**TASK DIRECTIONS**:
Using the records below, transcribe word for word the stretch from the line that contains "Definition graded_subring (B" through the line that contains "Variables (B : idomainType)", both end lines included, and nothing else.

Excerpts from a dataset:
Lemma natr_inv_grade0 n : (0 < n)%N -> (n%:R : B)^-1 \in Bi 0.
Proof.
move=> n_gt0; case: grB => _ _ _ decomp _.
have [s [c [_ [c_hom inv_eq]]]] := decomp (n%:R)^-1.
have nc_hom i : i \in s -> n%:R * c i \in Bi i.
  by move=> _; have := gradeM (gradeMn n grade1) (c_hom i); rewrite add0r.
have one_eq : 1 = \sum_(i <- s) n%:R * c i by rewrite -mulr_sumr -inv_eq mulrV ?QB.
have nc0 := homogeneous_component_eq0 nc_hom one_eq grade1.
rewrite inv_eq big_seq; apply: grade_sum => i i_s.
have [-> //|neq_i0] := eqVneq i 0.
move/eqP: (nc0 i i_s neq_i0); rewrite mulf_eq0 (negbTE (natr_neq0 n_gt0)) => /eqP ->.
exact: grade0.
Qed.
End Grading.

Definition graded_subring (B : idomainType) (S : int -> B -> Prop) :=
  [/\ forall z, S z 0, S 0 1, (forall z x y, S z x -> S z y -> S z (x - y))
    & forall z1 z2 x y, S z1 x -> S z2 y -> S (z1 + z2) (x * y)].

Section DegreeZeroFractions.
Variables (B : idomainType) (S : int -> B -> Prop) (f : B) (dz : int).
Hypotheses (S_sub : graded_subring S) (Sf : S dz f) (f_neq0 : f != 0).
Local Notation toF := (@FracField.tofrac B).

Let S0 z : S z 0. Proof. by case: S_sub. Qed.
Let S1 : S 0 1. Proof. by case: S_sub. Qed.
Let SB z x y : S z x -> S z y -> S z (x - y). Proof. by case: S_sub => _ _ + _; apply. Qed.
Let SM z1 z2 x y : S z1 x -> S z2 y -> S (z1 + z2) (x * y).
Proof. by case: S_sub => _ _ _; apply. Qed.

(* With S the Z-grading of B and dz = deg f, this is B_(f). *)
Definition deg0_frac (y : {fraction B}) :=
  exists n b, S (dz * n%:Z) b /\ y = toF b / toF f ^+ n.

Let S_cast z1 z2 x : z1 = z2 -> S z1 x -> S z2 x.
Proof. by move->. Qed.

Let SN z x : S z x -> S z (- x).
Proof. by move=> Sx; rewrite -sub0r; apply: SB. Qed.

Let SD z x y : S z x -> S z y -> S z (x + y).
Proof. by move=> Sx Sy; rewrite -[y]opprK; apply: SB => //; apply: SN. Qed.

Let S_expr n : S (dz * n%:Z) (f ^+ n).
Proof.
elim: n => [|n IH]; first by rewrite mulr0.
by rewrite exprS; apply: S_cast (SM Sf IH); rewrite -addn1 PoszD; ring.
Qed.

Let S_mulfX n m x : S (dz * n%:Z) x -> S (dz * (n + m)%:Z) (x * f ^+ m).
Proof. by move=> Sx; apply: S_cast (SM Sx (S_expr m)); rewrite PoszD; ring. Qed.

Let toF_f_neq0 : toF f != 0. Proof. by rewrite tofrac_eq0. Qed.

Lemma deg0_frac0 : deg0_frac 0.
Proof. by exists 0%N, 0; rewrite rmorph0 mul0r; split. Qed.

Lemma deg0_frac1 : deg0_frac 1.
Proof. by exists 0%N, 1; rewrite mulr0 rmorph1 expr0 divr1; split. Qed.

Lemma deg0_fracN y : deg0_frac y -> deg0_frac (- y).
Proof.
by move=> [n [b [Sb ->]]]; exists n, (- b); rewrite rmorphN mulNr; split=> //; apply: SN.
Qed.

Lemma deg0_fracD y1 y2 : deg0_frac y1 -> deg0_frac y2 -> deg0_frac (y1 + y2).
Proof.
move=> [n1 [b1 [Sb1 ->]]] [n2 [b2 [Sb2 ->]]].
exists (n1 + n2)%N, (b1 * f ^+ n2 + b2 * f ^+ n1); split.
  by apply: SD; [|rewrite addnC]; apply: S_mulfX.
have fX_neq0 n : toF f ^+ n != 0 by rewrite expf_neq0 // toF_f_neq0.
by rewrite rmorphD !rmorphM !rmorphXn exprD addf_div.
Qed.

Lemma deg0_fracB y1 y2 : deg0_frac y1 -> deg0_frac y2 -> deg0_frac (y1 - y2).
Proof. by move=> y1_0 y2_0; apply: deg0_fracD => //; apply: deg0_fracN. Qed.

Lemma deg0_fracM y1 y2 : deg0_frac y1 -> deg0_frac y2 -> deg0_frac (y1 * y2).
Proof.
move=> [n1 [b1 [Sb1 ->]]] [n2 [b2 [Sb2 ->]]].
exists (n1 + n2)%N, (b1 * b2); split; first by apply: S_cast (SM Sb1 Sb2); rewrite PoszD; ring.
by rewrite rmorphM exprD mulf_div.
Qed.

Lemma deg0_fracX y n : deg0_frac y -> deg0_frac (y ^+ n).
Proof.
move=> y_0; elim: n => [|n IH]; first by rewrite expr0; apply: deg0_frac1.
by rewrite exprS; apply: deg0_fracM.
Qed.

Lemma deg0_frac_sum (I : Type) (s : seq I) (P : pred I) (F : I -> {fraction B}) :
  (forall i, P i -> deg0_frac (F i)) -> deg0_frac (\sum_(i <- s | P i) F i).
Proof. by move=> F_0; apply: (big_ind deg0_frac) => //; [apply: deg0_frac0|apply: deg0_fracD]. Qed.

Lemma deg0_frac_common_den (p : {poly {fraction B}}) :
  (forall k, deg0_frac p`_k) ->
  exists L (c : nat -> B), (forall k, S (dz * L%:Z) (c k)) /\
    forall k, p`_k * toF f ^+ L = toF (c k).
Proof.
elim/poly_ind: p => [|p a IH] p_0.
  by exists 0%N, (fun _ => 0); split=> [k|k]; rewrite ?coef0 ?rmorph0 ?mul0r.
have [|L [c [Sc c_eq]]] := IH.
  by move=> k; have := p_0 k.+1; rewrite coefD coefMX coefC /= addr0.
have [n [b [Sb a_eq]]] : deg0_frac a by have := p_0 0%N; rewrite coefD coefMX coefC /= add0r.
exists (L + n)%N, (fun k => if k is k'.+1 then c k' * f ^+ n else b * f ^+ L); split.
  by case=> [|k]; [rewrite addnC|]; apply: S_mulfX.
case=> [|k]; rewrite coefD coefMX coefC /= ?add0r ?addr0 rmorphM rmorphXn.
  by rewrite a_eq exprD [toF f ^+ L * _]mulrC mulrA divfK // expf_neq0 // toF_f_neq0.
by rewrite exprD mulrA c_eq.
Qed.

End DegreeZeroFractions.


Section Veronese.
Variables (G : zmodType) (B : idomainType) (Bi : G -> pred B) (d : G).
Hypotheses (grB : is_grading Bi) (QB : contains_Q B).

Lemma Veronese_grade_cyclic x j :
  Veronese Bi d x -> x \in Bi j -> x != 0 -> in_cyclic d j.
Proof.
move=> [s [c [s_cyc [c_hom x_eq]]]] x_j /eqP x_neq0; apply: NNPP => not_cyc.
have c0 := homogeneous_component_eq0 grB QB (fun i _ => c_hom i) x_eq x_j.
apply: x_neq0; rewrite x_eq big_seq big1 // => i i_s; apply: c0 => //.
by apply/eqP => eq_ij; apply: not_cyc; rewrite -eq_ij; apply: s_cyc.
Qed.

Definition Bd (z : int) : pred B := Bi (d *~ z).

Lemma Bd_Veronese z x : x \in Bd z -> Veronese Bi d x.
Proof.
move=> x_z; exists [:: d *~ z], (fun j => if j == d *~ z then x else 0); split.
- by move=> i; rewrite inE => /eqP ->; exists z.
- by split=> [i|]; [case: eqP => [->|_] //; apply: (grade0 grB)|rewrite big_seq1 eqxx].
Qed.

Lemma Bd_cast z1 z2 x : z1 = z2 -> x \in Bd z1 -> x \in Bd z2.
Proof. by move->. Qed.

Lemma Bd0 z : 0 \in Bd z. Proof. exact: (grade0 grB (d *~ z)). Qed.

Lemma Bd1 : 1 \in Bd 0. Proof. exact: grade1 grB. Qed.

Lemma BdM z1 z2 x y : x \in Bd z1 -> y \in Bd z2 -> x * y \in Bd (z1 + z2).
Proof. by rewrite /Bd mulrzDr; apply: (gradeM grB). Qed.

Lemma Bd_subring : graded_subring (fun z x => x \in Bd z).
Proof. by split=> [||z x y|]; [apply: Bd0|apply: Bd1|apply: (gradeB grB)|apply: BdM]. Qed.

Lemma BdX z x n : x \in Bd z -> x ^+ n \in Bd (z * n%:Z).
Proof.
move=> x_z; elim: n => [|n IH]; first by rewrite mulr0; apply: Bd1.
by rewrite exprS -addn1 PoszD mulrDr mulr1 addrC; apply: BdM.
Qed.

Variable D : B -> B.
Hypothesis derD : derivation_on (Veronese Bi d) D.

Lemma der_add z1 z2 x y : x \in Bd z1 -> y \in Bd z2 -> D (x + y) = D x + D y.
Proof. by case: derD => _ Dadd _ /Bd_Veronese x_V /Bd_Veronese y_V; apply: Dadd. Qed.

Lemma der_mul z1 z2 x y :
  x \in Bd z1 -> y \in Bd z2 -> D (x * y) = x * D y + D x * y.
Proof. by case: derD => _ _ Dmul /Bd_Veronese x_V /Bd_Veronese y_V; apply: Dmul. Qed.

Lemma der0 : D 0 = 0.
Proof. by apply: (addrI (D 0)); rewrite -(der_add (Bd0 0) (Bd0 0)) !addr0. Qed.

Lemma der1 : D 1 = 0.
Proof.
have := der_mul Bd1 Bd1; rewrite !mulr1 mul1r => D1_eq.
by apply: (addrI (D 1)); rewrite addr0 -D1_eq.
Qed.

Lemma derN z x : x \in Bd z -> D (- x) = - D x.
Proof.
move=> x_z; apply: (addrI (D x)).
by rewrite -(der_add x_z (gradeN grB x_z)) !subrr der0.
Qed.

Lemma derB z1 z2 x y : x \in Bd z1 -> y \in Bd z2 -> D (x - y) = D x - D y.
Proof. by move=> x_z y_z; rewrite (der_add x_z (gradeN grB y_z)) (derN y_z). Qed.

Lemma derMn z x n : x \in Bd z -> D (x *+ n) = D x *+ n.
Proof.
move=> x_z; elim: n => [|n IH]; first by rewrite !mulr0n der0.
by rewrite !mulrS (der_add x_z (gradeMn grB n x_z)) IH.
Qed.

Lemma der_sum_Veronese (s : seq G) (c : G -> B) :
  (forall i, i \in s -> in_cyclic d i) -> (forall i, c i \in Bi i) ->
  D (\sum_(i <- s) c i) = \sum_(i <- s) D (c i).
Proof.
elim: s => [|a s IH] s_cyc c_hom; first by rewrite !big_nil der0.
have s'_cyc i : i \in s -> in_cyclic d i by move=> i_s; apply: s_cyc; rewrite inE i_s orbT.
have [z a_eq] := s_cyc a (mem_head a s).
have ca_z : c a \in Bd z by rewrite /Bd -a_eq.
case: derD => _ Dadd _; rewrite !big_cons Dadd ?IH //; first exact: Bd_Veronese ca_z.
by exists s, c.
Qed.

Definition ker_hom z x := x \in Bd z /\ D x = 0.

Lemma ker_hom_cast z1 z2 x : z1 = z2 -> ker_hom z1 x -> ker_hom z2 x.
Proof. by move->. Qed.

Lemma ker_hom0 z : ker_hom z 0. Proof. by split; [apply: Bd0|apply: der0]. Qed.

Lemma ker_hom1 : ker_hom 0 1. Proof. by split; [apply: Bd1|apply: der1]. Qed.

Lemma ker_homD z x y : ker_hom z x -> ker_hom z y -> ker_hom z (x + y).
Proof.
by move=> [x_z Dx] [y_z Dy]; split; [apply: (gradeD grB)|rewrite (der_add x_z y_z) Dx Dy addr0].
Qed.

Lemma ker_homB z x y : ker_hom z x -> ker_hom z y -> ker_hom z (x - y).
Proof.
by move=> [x_z Dx] [y_z Dy]; split; [apply: (gradeB grB)|rewrite (derB x_z y_z) Dx Dy subr0].
Qed.

Lemma ker_homMn z x n : ker_hom z x -> ker_hom z (x *+ n).
Proof. by move=> [x_z Dx]; split; [apply: (gradeMn grB)|rewrite (derMn n x_z) Dx mul0rn]. Qed.

Lemma ker_homM z1 z2 x y :
  ker_hom z1 x -> ker_hom z2 y -> ker_hom (z1 + z2) (x * y).
Proof.
move=> [x_z Dx] [y_z Dy]; split; first exact: BdM.
by rewrite (der_mul x_z y_z) Dx Dy mulr0 mul0r addr0.
Qed.

Lemma ker_hom_subring : graded_subring ker_hom.
Proof. by split; [apply: ker_hom0|apply: ker_hom1|apply: ker_homB|apply: ker_homM]. Qed.

Lemma ker_homX z x n : ker_hom z x -> ker_hom (z * n%:Z) (x ^+ n).
Proof.
move=> x_ker; elim: n => [|n IH]; first by rewrite expr0 mulr0; apply: ker_hom1.
by rewrite exprS -addn1 PoszD mulrDr mulr1 addrC; apply: ker_homM.
Qed.

Lemma ker_hom_sum z (I : Type) (s : seq I) (P : pred I) (F : I -> B) :
  (forall k, P k -> ker_hom z (F k)) -> ker_hom z (\sum_(k <- s | P k) F k).
Proof. by move=> F_ker; apply: (big_ind (ker_hom z)) => //; [apply: ker_hom0|apply: ker_homD]. Qed.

**ANSWER TO THIS EXERCISE**:
Definition graded_subring (B : idomainType) (S : int -> B -> Prop) :=
  [/\ forall z, S z 0, S 0 1, (forall z x y, S z x -> S z y -> S z (x - y))
    & forall z1 z2 x y, S z1 x -> S z2 y -> S (z1 + z2) (x * y)].

Section DegreeZeroFractions.
Variables (B : idomainType) (S : int -> B -> Prop) (f : B) (dz : int).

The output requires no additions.